What you will do: Retype all of the records precisely.

= Beginning of Section =

Lemma lip_max_witness (f : T -> R) : symmetric e -> 0 < lip_max e f ->
  exists u v, e u v /\ f v - f u = lip_max e f.
Proof.
move=> e_sym lip_gt0.
have [[u v] e_uv|no_edge] := pickP (fun p : T * T => e p.1 p.2); last first.
  by move: lip_gt0; rewrite /lip_max big_pred0 ?ltxx.
rewrite /lip_max.
have [[u' v'] /= e_uv' ->] := eq_bigmax (u, v) (fun p : T * T => e p.1 p.2)
  (fun p => `|f p.1 - f p.2|) e_uv (fun p _ => normr_ge0 _).
have [le_fuv|lt_fvu] := leP (f u') (f v').
  by exists u', v'; rewrite distrC ger0_norm // subr_ge0.
by exists v', u'; rewrite e_sym ger0_norm // subr_ge0 ltW.
Qed.

(* Discrete Lichnerowicz estimate: test the hypothesis on the eigenfunction, rescaled
   along an edge where it increases fastest. *)
Lemma eigenvalue_ge_gap (k mu : R) : symmetric e ->
  (forall x y f, e x y -> f y - f x = 1 -> lipschitz1 f ->
     k <= laplacian e f x - laplacian e f y) ->
  0 < mu -> eigenvalue_negLap e mu -> k <= mu.
Proof.
move=> e_sym gap mu_gt0 [h [[v0 hv0] eig]].
have [lip_gt0|lip_le0] := ltP 0 (lip_max e h); last first.
  have lap0 : laplacian e h v0 = 0.
    rewrite /laplacian big1 // => w e_v0w; apply/eqP; rewrite subr_eq0 eq_sym.
    by rewrite -subr_eq0 -normr_le0 (le_trans (lip_max_ge h e_v0w)).
  have /eqP := eig v0; rewrite lap0 oppr0 eq_sym mulf_eq0 (negbTE hv0) orbF.
  by rewrite gt_eqF.
have [x [y [e_xy hxy]]] := lip_max_witness e_sym lip_gt0.
set lip := lip_max e h in lip_gt0 hxy.
pose f w := lip^-1 * h w.
have := gap x y f e_xy.
rewrite /f !laplacianZ -!mulrBr hxy mulVf ?gt_eqF //.
have -> : laplacian e h x - laplacian e h y = mu * lip.
  by rewrite -hxy mulrBr; have := eig x; have := eig y; lra.
rewrite mulrCA mulVf ?gt_eqF // mulr1; apply=> // u v e_uv.
rewrite -mulrBr normrM gtr0_norm ?invr_gt0 // ler_pdivrMl // mulr1.
exact: lip_max_ge.
Qed.

End Laplacian.

Section DistanceRegular.
Variables (T : finType) (e : rel T) (L : nat) (b c : nat -> nat).
Hypotheses (e_irr : irreflexive e) (e_dr : distance_regular e L b c).
Hypothesis c1 : c 1%N = 1%N.

Lemma dr_degree z : #|[set w | e z w]| = b 0%N.
Proof.
case: e_dr => _ _ /(_ z z) /=; rewrite distxx => -[<- _].
apply: eq_card => w; rewrite !inE; case e_zw: (e z w) => //=.
by rewrite dist_edge.
Qed.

= End of Section =

Solution to this problem:
Lemma lip_max_witness (f : T -> R) : symmetric e -> 0 < lip_max e f ->
  exists u v, e u v /\ f v - f u = lip_max e f.
Proof.
move=> e_sym lip_gt0.
have [[u v] e_uv|no_edge] := pickP (fun p : T * T => e p.1 p.2); last first.
  by move: lip_gt0; rewrite /lip_max big_pred0 ?ltxx.
rewrite /lip_max.
have [[u' v'] /= e_uv' ->] := eq_bigmax (u, v) (fun p : T * T => e p.1 p.2)
  (fun p => `|f p.1 - f p.2|) e_uv (fun p _ => normr_ge0 _).
have [le_fuv|lt_fvu] := leP (f u') (f v').
  by exists u', v'; rewrite distrC ger0_norm // subr_ge0.
by exists v', u'; rewrite e_sym ger0_norm // subr_ge0 ltW.
Qed.

(* Discrete Lichnerowicz estimate: test the hypothesis on the eigenfunction, rescaled
   along an edge where it increases fastest. *)
Lemma eigenvalue_ge_gap (k mu : R) : symmetric e ->
  (forall x y f, e x y -> f y - f x = 1 -> lipschitz1 f ->
     k <= laplacian e f x - laplacian e f y) ->
  0 < mu -> eigenvalue_negLap e mu -> k <= mu.
Proof.
move=> e_sym gap mu_gt0 [h [[v0 hv0] eig]].
have [lip_gt0|lip_le0] := ltP 0 (lip_max e h); last first.
  have lap0 : laplacian e h v0 = 0.
    rewrite /laplacian big1 // => w e_v0w; apply/eqP; rewrite subr_eq0 eq_sym.
    by rewrite -subr_eq0 -normr_le0 (le_trans (lip_max_ge h e_v0w)).
  have /eqP := eig v0; rewrite lap0 oppr0 eq_sym mulf_eq0 (negbTE hv0) orbF.
  by rewrite gt_eqF.
have [x [y [e_xy hxy]]] := lip_max_witness e_sym lip_gt0.
set lip := lip_max e h in lip_gt0 hxy.
pose f w := lip^-1 * h w.
have := gap x y f e_xy.
rewrite /f !laplacianZ -!mulrBr hxy mulVf ?gt_eqF //.
have -> : laplacian e h x - laplacian e h y = mu * lip.
  by rewrite -hxy mulrBr; have := eig x; have := eig y; lra.
rewrite mulrCA mulVf ?gt_eqF // mulr1; apply=> // u v e_uv.
rewrite -mulrBr normrM gtr0_norm ?invr_gt0 // ler_pdivrMl // mulr1.
exact: lip_max_ge.
Qed.

End Laplacian.

Section DistanceRegular.
Variables (T : finType) (e : rel T) (L : nat) (b c : nat -> nat).
Hypotheses (e_irr : irreflexive e) (e_dr : distance_regular e L b c).
Hypothesis c1 : c 1%N = 1%N.

Lemma dr_degree z : #|[set w | e z w]| = b 0%N.
Proof.
case: e_dr => _ _ /(_ z z) /=; rewrite distxx => -[<- _].
apply: eq_card => w; rewrite !inE; case e_zw: (e z w) => //=.
by rewrite dist_edge.
Qed.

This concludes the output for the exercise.